Open sskmtm opened 1 year ago
1、失败三次就直接失败是框架的机制吗?还是说可以通过某些设置解决
是。 参看 LoadOptions.nMaxRetry
/**
* Retry to fetch at most n times, if page.fetchRetries > nMaxRetry,
* the page is marked as gone and do not fetch it again until -refresh is set to clear page.fetchRetries
* */
@Parameter(names = ["-nmr", "-nMaxRetry", "--n-max-retry"],
description = "Retry to fetch at most n times, if page.fetchRetries > nMaxRetry," +
" the page is marked as gone and do not fetch it again until -refresh is set to clear page.fetchRetries")
var nMaxRetry = 3
2、有没有办法设置,或者代码操作的时候,让失败了还是可以进入:isRelevant (true) -> onBeforeFilter -> onBeforeExtract -> extract -> onAfterExtract -> onAfterFilter 这个流程,因为这样可以做一些后置(清除操作)处理
- 事件处理机制提供了丰富的事件处理点,可以用来在网页的生命周期中执行相关任务。参考:AdvancedAsinScraper.scrape()

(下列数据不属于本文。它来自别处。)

Section LogPosterior.
Variables (p n q : nat) (m : R) (P : 'M[R]_p) (X : 'I_n -> 'cV[R]_p) (mu : 'cV[R]_p).

(* N = n + p + q m + 1: the exponent of |Sigma|^{-1/2} in the posterior. *)
Definition Ncoef : R := Rplus (Rplus (Rplus (INR n) (INR p)) (Rmult (INR q) m)) R1.

Definition log_post (Sigma : 'M[R]_p) : R :=
  Rminus (Rminus (Rmult (Ropp (Rdiv Ncoef 2)) (ln (\det Sigma)))
     (Rdiv (\sum_(i < n) qform (invmx Sigma) (X i - mu)) 2))
     (Rdiv (\tr ((invmx (invmx P *m Sigma *m invmx P)) ^+ q)) 2).

Lemma piw_posteriorE Sigma :
  piw_posterior q m (invmx P) X mu Sigma = exp (log_post Sigma).
Proof.
rewrite /piw_posterior /log_post /Rpower -!exp_plus; f_equal.
set D := ln _; set S := bigop.body _ _ _; set T := mxtrace _.
by rewrite /Ncoef; field.
Qed.

Definition scatter (u : 'cV[R]_p) : R :=
  \sum_(i < n) ((u^T *m (X i - mu)) ord0 ord0 * (u^T *m (X i - mu)) ord0 ord0).

Lemma scatter_ge0 u : Rle 0 (scatter u).
Proof. by apply: sum_ge0 => i _; rewrite RmultE; apply: Rle_0_sqr. Qed.

Lemma scatter0 : scatter 0 = 0.
Proof. by rewrite /scatter big1 // => i _; rewrite trmx0 mul0mx mxE mul0r. Qed.

Section Perturbation.
Variable Sg : 'M[R]_p.
Hypotheses (HP : posdef P) (HSg : posdef Sg).

Definition cprec := P *m invmx Sg *m P.

(* ln |Sigma| uses Stdlib's ln, which vanishes on nonpositive reals; instead
   of proving det Sigma > 0 we carry its indicator and rule out 0 later. *)
Definition det_pos_ind : R := if Rlt_dec R0 (\det Sg) then R1 else R0.

Variables (u : 'cV[R]_p) (d : R).
Hypothesis Hdk : Rlt (d * qform Sg u) R1.

Definition pert_cov := invmx (pert_prec Sg u d).

Lemma pert_cov_posdef : posdef pert_cov.
Proof. exact/posdef_inv/pert_prec_posdef. Qed.

Lemma sum_pert : \sum_(i < n) qform (invmx pert_cov) (X i - mu) =
   \sum_(i < n) qform (invmx Sg) (X i - mu) - d * scatter u.
Proof.
rewrite /pert_cov invmxK /scatter mulr_sumr -sumrB; apply: eq_bigr => i _.
by rewrite qform_pert_prec.
Qed.

Lemma tr_pert :
  \tr ((invmx (invmx P *m pert_cov *m invmx P)) ^+ q) =
  \tr (cprec ^+ q) - d * (q%:R * mom cprec q.-1 (P *m u))
  + (d * d) * \tr (rest_coef cprec (- ((P *m u) *m (P *m u)^T)) q d).
Proof.
set z := P *m u.
have uC : pert_cov \in unitmx by apply/posdef_unit/pert_cov_posdef.
rewrite inv_conj_inv ?(posdef_unit HP) // /pert_cov invmxK.
have -> : P *m pert_prec Sg u d *m P = cprec + d *: (- (z *m z^T)).
  rewrite /pert_prec mulmxBr mulmxBl /cprec; congr (_ + _).
  rewrite -scalemxAr -scalemxAl scalerN; congr (- (d *: _)).
  by rewrite /z trmx_mul (posdef_sym HP) !mulmxA.
rewrite power_expansion !mxtraceD !mxtraceZ tr_first_coef mulmxN raddfN /=.
rewrite mulmxA mxtrace_mulC trace_mx11 /mom /bil mulmxA.
by rewrite mxE !mulrN.
Qed.

Lemma det_pert :
  \det pert_cov = Rmult (\det Sg) (Rinv (Rminus R1 (d * qform Sg u))).
Proof.
have uS := posdef_unit HSg.
have HW : pert_prec Sg u d = invmx Sg *m (1%:M - (d *: (Sg *m u)) *m u^T).
  rewrite mulmxBr mulmx1 -scalemxAl -scalemxAr !mulmxA mulVmx //.
  by rewrite mul1mx.
have Hd : \det Sg != 0 by rewrite -unitfE -unitmxE.
rewrite /pert_cov det_inv HW det_mulmx det_sub_rank1 det_inv.
have -> : (u^T *m (d *: (Sg *m u))) ord0 ord0 = d * qform Sg u.
  by rewrite -scalemxAr mxE /qform mulmxA.
have h1 : Rminus R1 (d * qform Sg u) <> R0 by move: Hdk; Rsimpl; lra.
rewrite invfM invrK; congr (_ * _).
by rewrite /GRing.inv /= /R_inv; case: eqP => // /h1.
Qed.

Lemma ln_det_pert : ln (\det pert_cov) =
  Rminus (ln (\det Sg)) (Rmult det_pos_ind (ln (Rminus R1 (d * qform Sg u)))).
Proof.
have hpos : Rlt R0 (Rminus R1 (d * qform Sg u)) by move: Hdk; Rsimpl; lra.
rewrite det_pert /det_pos_ind; case: Rlt_dec => hD.
  rewrite ln_mult //; last exact: Rinv_0_lt_compat.
  by rewrite ln_Rinv //= ; ring.
have hD' : Rle (\det Sg) R0 by apply: Rnot_lt_le.
have hDd : Rle (Rmult (\det Sg) (Rinv (Rminus R1 (d * qform Sg u)))) R0.
  have := Rmult_le_compat_r _ _ _ (Rlt_le _ _ (Rinv_0_lt_compat _ hpos)) hD'.
  by rewrite Rmult_0_l.
by rewrite (ln_nonpos hD') (ln_nonpos hDd) /=; ring.
Qed.
(* Let $0<\eta\leq1$ be real and $d\geq1$ an integer. Let $F$ be a 3-graph and $A,B\subseteq V(F)$ with $A\cap B=\emptyset$, $|A|\geq 4d\,e^d/\eta^d$ and $|B|\geq d/\eta$. Assume that $A$ induces a clique in $F$ and $d(A,A,B)\geq\eta$. Then $F$ contains a tight path of the form $a_1a_2b_1a_3a_4b_2\dots a_{2d-1}a_{2d}b_da_{2d+1}a_{2d+2}$ with distinct vertices $a_i\in A$ ($i\in[2d+2]$) and $b_j\in B$ ($j\in[d]$).
   Context: A 3-graph is a 3-uniform hypergraph. A tight path with vertex sequence $v_1v_2\dots v_s$ has edges $\{v_i,v_{i+1},v_{i+2}\}$ for $i\in[s-2]$. For $A,B,C\subseteq V(F)$, $E(A,B,C)$ is the set of ordered triples $(a,b,c)\in A\times B\times C$ of distinct vertices with $abc\in E(F)$, and $d(A,B,C)=|E(A,B,C)|$ divided by the number of ordered triples of distinct vertices in $A\times B\times C$. *)

From mathcomp Require Import all_boot all_order all_algebra.
From mathcomp Require Import all_classical all_reals all_analysis.
Set Implicit Arguments. Unset Strict Implicit. Unset Printing Implicit Defensive.
Import Order.TTheory GRing.Theory Num.Theory.

Definition is_3graph (T : finType) (E : {set {set T}}) : Prop :=
  forall e, e \in E -> #|e| = 3%N.

Definition is_clique3 (T : finType) (E : {set {set T}}) (A : {set T}) : Prop :=
  forall x y z, x \in A -> y \in A -> z \in A ->
    x != y -> y != z -> x != z -> [set x; y; z] \in E.

Definition edge_triples (T : finType) (E : {set {set T}}) (A B C : {set T}) :
  {set T * T * T} :=
  [set t : T * T * T | [&& t.1.1 \in A, t.1.2 \in B, t.2 \in C,
     t.1.1 != t.1.2, t.1.2 != t.2, t.1.1 != t.2 &
     [set t.1.1; t.1.2; t.2] \in E]].

Definition dist_triples (T : finType) (A B C : {set T}) : {set T * T * T} :=
  [set t : T * T * T | [&& t.1.1 \in A, t.1.2 \in B, t.2 \in C,
     t.1.1 != t.1.2, t.1.2 != t.2 & t.1.1 != t.2]].

Definition density (R : realType) (T : finType) (E : {set {set T}})
  (A B C : {set T}) : R :=
  (#|edge_triples E A B C|%:R / #|dist_triples A B C|%:R)%R.

Definition tight_path (T : finType) (E : {set {set T}}) (s : seq T) : Prop :=
  uniq s /\
  forall (x0 : T) (i : nat), (i + 2 < size s)%N ->
    [set nth x0 s i; nth x0 s i.+1; nth x0 s i.+2] \in E.

(* The vertex sequence a_1 a_2 b_1 a_3 a_4 b_2 ... a_{2d-1} a_{2d} b_d a_{2d+1} a_{2d+2}
   (0-indexed: a 0, a 1, b 0, a 2, a 3, b 1, ..., a (2d), a (2d+1)). *)
Definition ab_pattern (T : Type) (d : nat) (a : nat -> T) (b : nat -> T) : seq T :=
  flatten [seq [:: a (2 * j)%N; a (2 * j).+1; b j] | j <- iota 0 d]
    ++ [:: a (2 * d)%N; a (2 * d).+1].

From mathcomp Require Import all_boot all_order all_algebra.
From mathcomp Require Import all_classical all_reals all_analysis.
From mathcomp Require Import zify ring lra.
Import Order.TTheory GRing.Theory Num.Theory.

Set Implicit Arguments.
Unset Strict Implicit.
Unset Printing Implicit Defensive.

(* Let N(p) ⊆ B be the link of an ordered pair p of distinct vertices of A.
   The density hypothesis says that the |N(p)| average at least ηm (m = |B|),
   so by convexity of j ↦ C(j, d) and averaging over the d-subsets of B, some
   d-set S ⊆ B lies in the links of at least |A|(|A|-1) C(ηm, d) / C(m, d)
   pairs; with |A| ≥ 4d e^d / η^d these pairs form a graph on A with more than
   4d|A| arcs.  Such a graph has a subgraph of minimum degree > 2d, hence a path
   a_1 ... a_{2d+2}, and inserting the elements b_1, ..., b_d of S between
   a_2, a_3, then a_4, a_5, ... gives the tight path: each of its triples is
   {a_i, a_{i+1}, b_j}. *)

Section ConvexJensen.

Variable f : nat -> nat.
Hypothesis f_homo : {homo f : i j / (i <= j)%N}.
Hypothesis f_incr_homo : {homo (fun i => f i.+1 - f i) : i j / (i <= j)%N}.

Lemma convex_tangent_nat t k :
  f t + k * (f t.+1 - f t) <= f k + t * (f t.+1 - f t).
Proof.
set D := f t.+1 - f t.
have [tk | kt] := leqP t k.
- have incr : (k - t) * D <= f k - f t.
    rewrite -(telescope_sumn _ _ f_homo) -sum_nat_const_nat.
    rewrite big_nat_cond [X in _ <= X]big_nat_cond.
    by apply: leq_sum => l /andP[/andP[tl _] _]; apply: f_incr_homo.
  have := f_homo tk; rewrite mulnBl in incr; lia.
- have incr : f t - f k <= (t - k) * D.
    rewrite -(telescope_sumn _ _ f_homo) -sum_nat_const_nat.
    rewrite big_nat_cond [X in _ <= X]big_nat_cond.
    by apply: leq_sum => l /andP[/andP[_ lt] _]; apply: f_incr_homo; apply: ltnW.
  have kDt : k * D <= t * D by rewrite leq_mul2r ltnW ?orbT.
  have := f_homo (ltnW kt); rewrite mulnBl in incr; lia.
Qed.

Lemma convex_jensen_nat (I : finType) (P : {set I}) (x : I -> nat) t :
  #|P| * t <= \sum_(i in P) x i -> #|P| * f t <= \sum_(i in P) f (x i).
Proof.
move=> avg; set D := f t.+1 - f t.
have tangent : \sum_(i in P) (f t + x i * D) <= \sum_(i in P) (f (x i) + t * D).
  by apply: leq_sum => i _; apply: convex_tangent_nat.
rewrite !big_split /= !sum_nat_const -big_distrl /= in tangent.
have avgD : #|P| * (t * D) <= (\sum_(i in P) x i) * D by rewrite mulnA leq_mul2r avg orbT.
lia.
Qed.

End ConvexJensen.

Lemma jensen_bin (I : finType) (P : {set I}) (x : I -> nat) t d :
  #|P| * t <= \sum_(i in P) x i -> #|P| * 'C(t, d) <= \sum_(i in P) 'C(x i, d).
Proof.
apply: (@convex_jensen_nat (fun j => 'C(j, d))) => [i j|i j ij]; first exact: leq_bin2l.
by case: d => [|d]; rewrite ?bin0 ?subnn // !binS !addKn leq_bin2l.
Qed.

Lemma expn_prod_ord m d : m ^ d = \prod_(i < d) m.
Proof. by rewrite prod_nat_const card_ord. Qed.

Lemma ffact_le_expn m d : m ^_ d <= m ^ d.
Proof. by rewrite ffact_prod expn_prod_ord; apply: leq_prod => i _; apply: leq_subr. Qed.

Lemma expnS_le_bin_expn t d : d <= t -> t.+1 ^ d <= 'C(t, d) * d.+1 ^ d.
Proof.
move=> dt; rewrite -(leq_pmul2l (fact_gt0 d)) mulnA [d`! * 'C(t, d)]mulnC bin_ffact.
rewrite -ffactnn !ffact_prod !expn_prod_ord -!big_split /=.
by apply: leq_prod => i _; have := ltn_ord i; nia.
Qed.

Lemma exists_column_ge_average (I J : finType) (P : {set I}) (Q : {set J})
    (r : I -> J -> bool) :
  (0 < #|Q|)%N ->
  exists2 y, y \in Q &
    \sum_(x in P) #|[set y in Q | r x y]| <= #|Q| * #|[set x in P | r x y]|.
Proof.
case/card_gt0P=> y1 y1Q; pose col y := #|[set x in P | r x y]|.
have [y0 y0Q col_max] := @arg_maxnP _ y1 [pred y | y \in Q] col y1Q.
exists y0 => //.
have -> : \sum_(x in P) #|[set y in Q | r x y]| = \sum_(y in Q) col y.
  rewrite (eq_bigr (fun x => \sum_(y in Q | r x y) 1)) => [|x _]; last first.
    by rewrite sum1dep_card.
  rewrite (exchange_big_dep (mem Q)) /= => [|x y _ /andP[] //].
  apply: eq_bigr => y yQ; rewrite sum1dep_card; apply: eq_card => x.
  by rewrite !inE yQ.
by rewrite -sum_nat_const; apply: leq_sum => y yQ; apply: col_max.
Qed.

Section MinDegree.

Variables (X : finType) (G : rel X).
Hypothesis G_sym : symmetric G.

Definition arcs_in (V : {set X}) : {set X * X} :=
  [set p | [&& p.1 \in V, p.2 \in V & G p.1 p.2]].

Definition nbr_in (V : {set X}) (x : X) : {set X} := [set y in V | G x y].

Lemma in_nbr_in V x y : (y \in nbr_in V x) = (y \in V) && G x y.
Proof. by rewrite inE. Qed.

Lemma card_arcs_in_setD1 (V : {set X}) v :
  #|arcs_in V| <= #|arcs_in (V :\ v)| + 2 * #|nbr_in V v|.
Proof.
pose out := [set (v, y) | y in nbr_in V v].
pose inc := [set (x, v) | x in nbr_in V v].
have arcs_sub : arcs_in V \subset arcs_in (V :\ v) :|: (out :|: inc).
  apply/fintype.subsetP => -[x y]; rewrite !inE /= => /and3P[xV yV Gxy].
  have [? | _] := eqVneq x v.
    subst x; apply/orP; right; apply/orP; left; apply/imsetP; exists y => //.
    by rewrite in_nbr_in yV.
  have [? | _] := eqVneq y v.
    subst y; apply/orP; right; apply/orP; right; apply/imsetP; exists x => //.
    by rewrite in_nbr_in xV G_sym.
  by rewrite xV yV Gxy.
apply: leq_trans (subset_leq_card arcs_sub) _.
apply: leq_trans (leq_card_setU _ _) _; rewrite leq_add2l mul2n -addnn.
apply: leq_trans (leq_card_setU _ _) _.
by apply: leq_add; apply: leq_imset_card.
Qed.

Lemma exists_min_degree_subset c (V : {set X}) :
  2 * c * #|V| < #|arcs_in V| ->
  exists W : {set X}, [/\ W \subset V, 0 < #|W| & {in W, forall v, c < #|nbr_in W v|}].
Proof.
move=> V_dense.
pose dense (W : {set X}) := (W \subset V) && (2 * c * #|W| < #|arcs_in W|).
have [W /andP[WV W_dense] W_min] := @arg_minnP _ V dense (fun W : {set X} => #|W|)
  (introT andP (conj (subxx V) V_dense)).
exists W; split => // [|v vW].
  have [[x y]] := card_gt0P (leq_ltn_trans (leq0n _) W_dense).
  by rewrite inE => /and3P[xW _ _]; apply/card_gt0P; exists x.
rewrite ltnNge; apply/negP => low_deg.
have Wv_dense : dense (W :\ v).
  rewrite /dense (fintype.subset_trans (subsetDl W [set v]) WV) /=.
  rewrite -(ltn_add2l (2 * c)) -mulnS.
  have -> : #|W :\ v|.+1 = #|W| by rewrite (cardsD1 v W) vW.
  apply: (leq_trans W_dense); apply: (leq_trans (card_arcs_in_setD1 W v)).
  by rewrite [X in _ <= X]addnC leq_add2l leq_mul2l low_deg orbT.
by have := W_min _ Wv_dense; rewrite (cardsD1 v W) vW ltnn.
Qed.

Hypothesis G_irr : irreflexive G.

Lemma exists_path_in_min_degree_subset c (W : {set X}) L :
  0 < #|W| -> {in W, forall v, c < #|nbr_in W v|} -> L <= c.+1 ->
  exists x s, [/\ size s = L, uniq (x :: s), {subset x :: s <= W} & path G x s].
Proof.
move=> /card_gt0P[w wW] W_deg; elim: L => [|L IH] L_le.
  by exists w, [::]; split => // y; rewrite inE => /eqP->.
have [x [s [size_s uniq_xs xsW path_xs]]] := IH (ltnW L_le).
have [y y_nbr y_new] : exists2 y, y \in nbr_in W x & y \notin s.
  apply/exists_inP; rewrite -negb_forall_in; apply/negP => /forall_inP nbr_sub.
  have : #|nbr_in W x| <= size s.
    apply: leq_trans (card_size s); apply: subset_leq_card.
    by apply/fintype.subsetP => y /nbr_sub.
  by rewrite size_s leqNgt (leq_trans L_le) // W_deg // xsW // mem_head.
move: y_nbr; rewrite inE => /andP[yW Gxy].
exists y, (x :: s); split.
- by rewrite /= size_s.
- rewrite cons_uniq uniq_xs in_cons negb_or y_new !andbT.
  by apply: contraTneq Gxy => ->; rewrite G_irr.
- by move=> z; rewrite inE => /predU1P[-> // | /xsW].
- by rewrite /= G_sym Gxy.
Qed.

End MinDegree.

Section ABPattern.

Variables (T : eqType) (a b : nat -> T).

Definition pattern_at (i : nat) : T :=
  if i %% 3 == 2 then b (i %/ 3) else a (2 * (i %/ 3) + i %% 3).

Lemma pattern_at_block j :
  [/\ pattern_at (3 * j) = a (2 * j), pattern_at (3 * j).+1 = a (2 * j).+1
    & pattern_at (3 * j).+2 = b j].
Proof.
rewrite /pattern_at.
have -> : (3 * j) %% 3 = 0 by lia. have -> : (3 * j).+1 %% 3 = 1 by lia.
have -> : (3 * j).+2 %% 3 = 2 by lia.
have -> : (3 * j) %/ 3 = j by lia. have -> : (3 * j).+1 %/ 3 = j by lia.
have -> : (3 * j).+2 %/ 3 = j by lia.
by rewrite addn0 addn1.
Qed.

Let block j := [:: a (2 * j); a (2 * j).+1; b j].
Let blocks d := flatten (mkseq block d).

Lemma blocks_mkseq d : blocks d = mkseq pattern_at (3 * d).
Proof.
elim: d => [|d IH] //; rewrite /blocks mkseqS flatten_rcons -/(blocks d) IH.
have [p0 p1 p2] := pattern_at_block d.
by rewrite mulnSr addn3 !mkseqS p0 p1 p2 -!cats1 -!catA.
Qed.

Lemma ab_pattern_mkseq d : ab_pattern d a b = mkseq pattern_at (3 * d + 2).
Proof.
have [p0 p1 _] := pattern_at_block d.
by rewrite /ab_pattern -/(blocks d) blocks_mkseq addn2 !mkseqS p0 p1 -!cats1 -!catA.
Qed.

Lemma perm_blocks d : perm_eq (blocks d) (mkseq a (2 * d) ++ mkseq b d).
Proof.
elim: d => [|d IH] //; rewrite /blocks mkseqS flatten_rcons -/(blocks d).
rewrite mulnSr addn2 !mkseqS -!cats1 -!catA.
apply: perm_trans (perm_cat IH (perm_refl (block d))) _.
by rewrite -catA perm_cat2l perm_sym catA perm_catCA.
Qed.

Lemma perm_ab_pattern d :
  perm_eq (ab_pattern d a b) (mkseq a (2 * d + 2) ++ mkseq b d).
Proof.
rewrite /ab_pattern -/(blocks d) addn2 !mkseqS -!cats1 -!catA.
apply: perm_trans (perm_cat (perm_blocks d) (perm_refl _)) _.
by rewrite -catA perm_cat2l perm_catC.
Qed.

End ABPattern.

Lemma set3C23 (T : finType) (x y z : T) : [set x; y; z] = [set x; z; y].
Proof. by rewrite finset.setUAC. Qed.

Lemma set3C12 (T : finType) (x y z : T) : [set x; y; z] = [set y; x; z].
Proof. by rewrite [[set x; y]]finset.setUC. Qed.

Lemma tight_path_ab_pattern (T : finType) (E : {set {set T}}) d (a b : nat -> T) :
  uniq (mkseq a (2 * d + 2) ++ mkseq b d) ->
  (forall x j, x < 2 * d + 1 -> j < d -> [set a x; a x.+1; b j] \in E) ->
  tight_path E (ab_pattern d a b).
Proof.
move=> uniq_ab edge_ab; split; first by rewrite (perm_uniq (perm_ab_pattern a b d)).
move=> x0 i; rewrite ab_pattern_mkseq size_mkseq => i_lt.
rewrite !nth_mkseq; [|lia|lia|lia].
have q_lt : i %/ 3 < d by lia.
set q := i %/ 3 in q_lt *.
have [p0 p1 p2] := pattern_at_block a b q.
have [p3 p4 _] := pattern_at_block a b q.+1.
rewrite !mulnSr addn3 addn2 in p3 p4.
(* With i = 3q + r, the window at i is {a (2q + r), a (2q + r).+1, b q}. *)
move: (divn_eq i 3) (ltn_pmod i (isT : 0 < 3)); rewrite mulnC -/q.
case: (i %% 3) => [|[|[|//]]] -> _; rewrite ?addn0 ?addn1 ?addn2.
- by rewrite p0 p1 p2 edge_ab //; lia.
- by rewrite p1 p2 p3 set3C23 edge_ab //; lia.
- by rewrite p2 p3 p4 set3C12 set3C23 edge_ab //; lia.
Qed.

问一下在哪个事件下,能够查看到 page.crawlStatus.isGone == true ?
我试过了各种事件,都没有捕捉到(实际发生了) 特指三次重试的时候,没有捕捉到 Gone 的状态
发现几种数据爬取失败时的日志,前2次失败了都会在几分钟后重试,第三次失败后,后面就不会重试了,也不会进入:isRelevant (true) -> onBeforeFilter -> onBeforeExtract -> extract -> onAfterExtract -> onAfterFilter 这个流程
请问: 1、失败三次就直接失败是框架的机制吗?还是说可以通过某些设置解决 2、有没有办法设置,或者代码操作的时候,让失败了还是可以进入:isRelevant (true) -> onBeforeFilter -> onBeforeExtract -> extract -> onAfterExtract -> onAfterFilter 这个流程,因为这样可以做一些后置(清除操作)处理
第一次失败:
Timeout to wait for document ready after 60 round, retry is supposed
⚠ Privacy leak warning
U for N got 1601 0 <- 0 in 1m8.826s
Trying 2th 5m later
第二次失败:
Page is ROBOT_CHECK
⚠ Privacy leak warning
U for RT got 1601 0 <- 0 in 10.709s
Trying 3th 7m later
第三次失败:
Timeout to wait for document ready after 60 round, retry is supposed
⚠ Privacy leak warning
U for RT got 1601 0 <- 0 in 1m0.988s
Gone (unexpected)